Pengujung Agustus, kota di atas bukit batu itu melepuh. Senja merah tak bisa memberinya kesejukan. Debu akhir musim panas, mencakar setiap jendela. Kota seakan mati. Tak ada pejalan kaki. Hanya mobil yang berani menapak  jalan membara.
Omar anggar dada, duduk di kursi kerajaannya. Dia mecungkil  giginya yang jarang, karena daging domba kari itu nakal, bertahan di setiap sela. Mungkin ada empat sela. Dia kesal, betapa alot serpihan daging domba mencengkeram gigi. Apalagi senja ini roti masih menumpuk di etalase berpenutup plastik.
Dia berjalan ke depan tokonya. Membenarkan plang merk yang miring diterabas angin musim panas. Tertulis di situ "Bakery Mardin". Dia menelengkan kepala sambil berpikir. Plang merk itu tidak miring lagi. Tapi berjualan roti memang miring di musim panas. Harusnya nasihat Alv dia dengar. Misalnya, roti dipadukan dengan es krim. Siapa saja akan bergairah melihat makanan dingin segar di saat panas menyengat. Â Hasilnya, Omar memukul pelan pipi Alv. Anak muda itu tidak tahu kalau Omar anti es krim. Sekali saja dia mengicip makanan dingin itu, alamat seharian dia absen berjualan. Bersin terus!
"Tapi bukan Tuan Omar yang memakan es krim," protes Alv. Dia memang penyuka es krim.
"Bagaimana kalau saya ingin mengicipnya?" Omar mencondongkan kepalanya ke wajah Alv. Anak muda itu mendengus, lalu pergi menuju sebuah lorong.
Mengingat kejadian menggelikan itu, Omar menggeleng-geleng, kemudian masuk kembali ke tokonya. Saat itulah dia melihat seorang anak belasan tahun, menjulurkan tangannya ke dalam etalase. Roti keju berlumur coklat berpindah tempat. Emosi Omar membukit. Dia menunjuk anak itu dengan wajah semerah udang. "Tertangkap kau maling cilik!"
Mengingat ke belakang hari, roti Omar memang mulai sering berkurang satu atau dua potong. Meskipun tidak setiap hari, tapi dia merasa amat rugi, apalagi omzet penjualan roti di musim panas turun drastis.

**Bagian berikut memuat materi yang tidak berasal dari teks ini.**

Lemma lam_plus_real (a b sigma r : R) : 4 * symb a b sigma r <= 1 ->
  lam_plus a b sigma r = (root_plus (symb a b sigma r))%:C.
Proof.
move=> hs; rewrite /lam_plus sqrtc_sqrtr ?lecR ?subr_ge0 //=.
by rewrite /root_plus rmorphM rmorphD rmorphN1 fmorphV rmorph_nat.
Qed.

Lemma lam_minus_real (a b sigma r : R) : 4 * symb a b sigma r <= 1 ->
  lam_minus a b sigma r = (root_minus (symb a b sigma r))%:C.
Proof.
move=> hs; rewrite /lam_minus sqrtc_sqrtr ?lecR ?subr_ge0 //=.
by rewrite /root_minus rmorphM rmorphB rmorphN1 fmorphV rmorph_nat.
Qed.

Lemma vhat_real n (a b sigma t : R) (xi : 'rV[R]_n) (v0 v1 : R[i]) :
  let s := symb a b sigma (enorm xi) in 4 * s <= 1 ->
  vhat a b sigma t xi v0 v1 = (kernel_v0 s t)%:C * v0 + (kernel_v1 s t)%:C * v1.
Proof.
move=> s hs; rewrite /vhat /= lam_plus_real // lam_minus_real // -!rmorphM !expC_real.
by rewrite /kernel_v0 /kernel_v1 -/s !(rmorphM, rmorphB, fmorphV).
Qed.

Lemma vhat_estimates n (a b sigma al be e1 e2 : R) :
  0 < al -> 0 < be -> 0 < e2 -> e2 < e1 ->
  (forall r, 0 <= r -> symb a b sigma r = al * r `^ e1 + be * r `^ e2) ->
  exists eps0 c C : R, [/\ 0 < eps0, 0 < c & 0 < C] /\
  forall t (xi : 'rV[R]_n) (v0 v1 : R[i]), 0 <= t -> enorm xi <= eps0 ->
    let r := enorm xi in
    let v := vhat a b sigma t xi v0 v1 in
    let D := cmod v0 + cmod v1 in
    cmod v <= C * expR (- c * r `^ e2 * t) * D /\
    cmod (v - (expR (- be * r `^ e2 * t))%:C * (v0 + v1))
      <= C * (expR (- c * t) + r `^ Num.min (e1 - e2) e2 * expR (- c * r `^ e2 * t)) * D.
Proof.
move=> hal hbe he2 he12 hsymb.
have hab : 0 < al + be by lra.
set q := 3 / (16 * (al + be)).
have hq : 0 < q by apply: divr_gt0; lra.
set K := al + be + 2 * (al + be) ^+ 2.
have hK : 0 <= K by have := sqr_ge0 (al + be); rewrite /K; lra.
set c := Num.min (be / 2) (1 / 2).
have [hc1 hc2] : c <= be / 2 /\ c <= 1 / 2 by rewrite !ge_min !lexx orbT.
exists (Num.min 1 (q `^ e2^-1)), c, (5 + 8 * K + 2 * K / be); split.
  have hKb : 0 <= 2 * K / be by apply: divr_ge0; lra.
  by split; [rewrite lt_min ltr01 powR_gt0 | rewrite lt_min; apply/andP; split; lra | lra].
move=> t xi v0 v1 ht; rewrite le_min => /andP[hr1 hrq] r v D.
have hr0 : 0 <= r := sqrtr_ge0 _.
have hg : (al + be) * r `^ e2 <= 3/16.
  have -> : 3/16 = (al + be) * q by rewrite /q; field; lra.
  exact/(ler_wpM2l (ltW hab))/powR_le_of_root_le.
have hr01 : 0 <= r <= 1 by rewrite hr0 hr1.
have [hs hbg hrem hsK] := small_symbol_bounds hal hbe he2 he12 hr01 hg.
rewrite -hsymb // in hs hbg hrem hsK.
have [k0 k1 k0E k1E] :=
  kernel_estimates hs ht hbe hc1 hc2 hK (powR_ge0 _ _) (powR_ge0 _ _) hbg hrem hsK.
rewrite /v vhat_real; last by case/andP: hs => *; lra.
split; first exact: cmod_real_lincomb.
set s := symb a b sigma r in k0E k1E *; set E := expR (- be * r `^ e2 * t) in k0E k1E *.
have -> : (kernel_v0 s t)%:C * v0 + (kernel_v1 s t)%:C * v1 - E%:C * (v0 + v1)
    = (kernel_v0 s t - E)%:C * v0 + (kernel_v1 s t - E)%:C * v1.
  by rewrite !rmorphB; ring.
exact: cmod_real_lincomb.
Qed.
(* Let $p_1,p_2,p_3,p_4$ be the joints of a framework in $\mathbb{R}^2$ forming a non-degenerate rhombus, with bars $p_1p_2$, $p_2p_3$, $p_3p_4$, $p_4p_1$. If $g$ is any infinitesimal motion of this framework and $v_i=g(p_i)$ for $i=1,2,3,4$, then $v_1+v_3=v_2+v_4$.
   Context: A framework in $\mathbb{R}^d$ is a finite graph whose vertices (joints) are distinct points of $\mathbb{R}^d$ and whose edges (bars) are segments between pairs of joints. If $F$ is a framework with joint set $X$, an infinitesimal motion of $F$ is a map $g:X\to\mathbb{R}^d$ with $(g(x)-g(y))\cdot(x-y)=0$ for every bar $xy$ of $F$. Non-degenerate rhombus means $p_2-p_1=p_3-p_4$ and $p_3-p_2=p_4-p_1$, these two vectors are linearly independent, and all four sides have equal length. *)

From Stdlib Require Import Reals List.
Open Scope R_scope.

Definition pt := (R * R)%type.
Definition vadd (a b : pt) : pt := (fst a + fst b, snd a + snd b).
Definition vsub (a b : pt) : pt := (fst a - fst b, snd a - snd b).
Definition dot (a b : pt) : R := fst a * fst b + snd a * snd b.

Definition lin_indep (a b : pt) : Prop :=
  forall s t : R, s * fst a + t * fst b = 0 -> s * snd a + t * snd b = 0 ->
    s = 0 /\ t = 0.

Definition nondeg_rhombus (p1 p2 p3 p4 : pt) : Prop :=
  vsub p2 p1 = vsub p3 p4 /\ vsub p3 p2 = vsub p4 p1 /\
  lin_indep (vsub p2 p1) (vsub p3 p2) /\
  dot (vsub p2 p1) (vsub p2 p1) = dot (vsub p3 p2) (vsub p3 p2) /\
  dot (vsub p3 p2) (vsub p3 p2) = dot (vsub p4 p3) (vsub p4 p3) /\
  dot (vsub p4 p3) (vsub p4 p3) = dot (vsub p1 p4) (vsub p1 p4).

Record framework := { joints : list pt; bars : list (pt * pt) }.

(* Infinitesimal motion g : X -> R^2 (represented as a function on all of
   R^2; only its values on joints matter). *)
Definition inf_motion (F : framework) (g : pt -> pt) : Prop :=
  forall x y, In (x, y) (bars F) ->
    dot (vsub (g x) (g y)) (vsub x y) = 0.

Definition rhombus_framework (p1 p2 p3 p4 : pt) : framework :=
  {| joints := p1 :: p2 :: p3 :: p4 :: nil;
     bars := (p1, p2) :: (p2, p3) :: (p3, p4) :: (p4, p1) :: nil |}.

(* Only the parallelogram structure matters: the bars p1p2 and p3p4 are parallel
   to a = p2 - p1, the bars p2p3 and p4p1 to b = p3 - p2, so summing the bar
   conditions in pairs shows that v1 + v3 - v2 - v4 is orthogonal to both a and b.
   Since a and b span the plane, that vector vanishes. *)

From Stdlib Require Import Reals Lra.
Open Scope R_scope.

Lemma vadd_comm (u v : pt) : vadd u v = vadd v u.
Proof. unfold vadd; f_equal; ring. Qed.

Lemma vsub_eq0 (u v : pt) : vsub u v = (0, 0) -> u = v.
Proof.
  destruct u as [u1 u2], v as [v1 v2]; unfold vsub; simpl.
  intros E; injection E; intros; f_equal; lra.
Qed.

Lemma dot_vsubC (u x y : pt) : dot u (vsub y x) = - dot u (vsub x y).
Proof. unfold dot, vsub; simpl; ring. Qed.

Lemma dot_vsubCC (u v x y : pt) : dot (vsub u v) (vsub x y) = dot (vsub v u) (vsub y x).
Proof. unfold dot, vsub; simpl; ring. Qed.

Lemma dot_vsub_add (u v w z c : pt) :
  dot (vsub u v) c + dot (vsub w z) c = dot (vsub (vadd u w) (vadd v z)) c.
Proof. unfold dot, vsub, vadd; simpl; ring. Qed.

Lemma lin_indep_det (a b : pt) :
  lin_indep a b -> fst a * snd b - snd a * fst b <> 0.
Proof.
  destruct a as [a1 a2], b as [b1 b2]; unfold lin_indep; simpl.
  intros Hind D.
  destruct (Hind b2 (- a2)) as [Hb2 Ha2]; [nra | nra |].
  destruct (Hind b1 (- a1)) as [Hb1 Ha1]; [nra | nra |].
  destruct (Hind 1 0) as [C _]; [nra | nra | lra].
Qed.

Lemma orthogonal_lin_indep_eq0 (a b q : pt) :
  lin_indep a b -> dot q a = 0 -> dot q b = 0 -> q = (0, 0).
Proof.
  intros Hind%lin_indep_det; revert Hind.
  destruct a as [a1 a2], b as [b1 b2], q as [q1 q2]; unfold dot; simpl.
  intros D Qa Qb.
  assert (Z1 : q1 * (a1 * b2 - a2 * b1) = 0).
  { replace (q1 * (a1 * b2 - a2 * b1))
      with (b2 * (q1 * a1 + q2 * a2) - a2 * (q1 * b1 + q2 * b2)) by ring.
    rewrite Qa, Qb; ring. }
  assert (Z2 : q2 * (a1 * b2 - a2 * b1) = 0).
  { replace (q2 * (a1 * b2 - a2 * b1))
      with (a1 * (q1 * b1 + q2 * b2) - b1 * (q1 * a1 + q2 * a2)) by ring.
    rewrite Qa, Qb; ring. }
  apply Rmult_integral in Z1, Z2.
  destruct Z1 as [-> | ]; [| contradiction].
  destruct Z2 as [-> | ]; [reflexivity | contradiction].
Qed.

Lemma parallelogram_motion_balanced (p1 p2 p3 p4 : pt) (g : pt -> pt) :
  vsub p2 p1 = vsub p3 p4 -> vsub p3 p2 = vsub p4 p1 ->
  lin_indep (vsub p2 p1) (vsub p3 p2) ->
  inf_motion (rhombus_framework p1 p2 p3 p4) g ->
  vadd (g p1) (g p3) = vadd (g p2) (g p4).
Proof.
  intros Ea Eb Hind M.
  assert (B12 := M p1 p2 ltac:(simpl; tauto)).
  assert (B23 := M p2 p3 ltac:(simpl; tauto)).
  assert (B34 := M p3 p4 ltac:(simpl; tauto)).
  assert (B41 := M p4 p1 ltac:(simpl; tauto)).
  apply vsub_eq0, (orthogonal_lin_indep_eq0 _ _ _ Hind).
  - rewrite <- dot_vsub_add, dot_vsubC, Ea, B12, B34; ring.
  - rewrite (vadd_comm (g p2)), <- dot_vsub_add.
    rewrite (dot_vsubCC (g p3)), B23, Eb, dot_vsubC, dot_vsubCC, B41; ring.
Qed.

Theorem lemma3 (p1 p2 p3 p4 : pt) (g : pt -> pt) :
  nondeg_rhombus p1 p2 p3 p4 ->
  inf_motion (rhombus_framework p1 p2 p3 p4) g ->
  vadd (g p1) (g p3) = vadd (g p2) (g p4).
Proof.
  intros (Ea & Eb & Hind & _).
  exact (parallelogram_motion_balanced p1 p2 p3 p4 g Ea Eb Hind).
Qed.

Â Pasti ada maling berkeliaran di kotanya. Dia sudah berjaga-jaga beberapa minggu ini, selalu maling itu selicin belut. Senja inilah nasib na'as menimpa maling berambut pirang awut-awutan itu.
Mata maling kecil itu membola. Dia ketakutan. Tapi bukan maling kalau tak bisa berlari secepat kilat. Dia menghilang di lorong. Omar muntab. Dia memanggil anaknya yang sedang asyik bermain gawai. "Tunggu di sini. Babah  akan mengejar maling sialan itu." Ada lenguh penolakan dari mulut anaknya. Omar tak peduli. Dengan beban perut yang besar, dia berlari mengejar maling itu ke lorong. Dia hampir menabrak seorang polisi. Kebetulan sekali!
"Tuan Pol, bantu aku mengejar maling kecil itu," kata Omar terburu. "Maling kecil berambut pirang, kusut dan pasti bau." Polisi mengeluarkan pena dan notes. Dengan cermat dia menulis, seakan dia takut huruf-huruf yang dia tulis akan jatuh ke jalan.
"Umurnya kira-kira berapa?"
Omar menelengkan kepala. "Hmm, mungkin belasan. Tepatnya aku tak tahu!"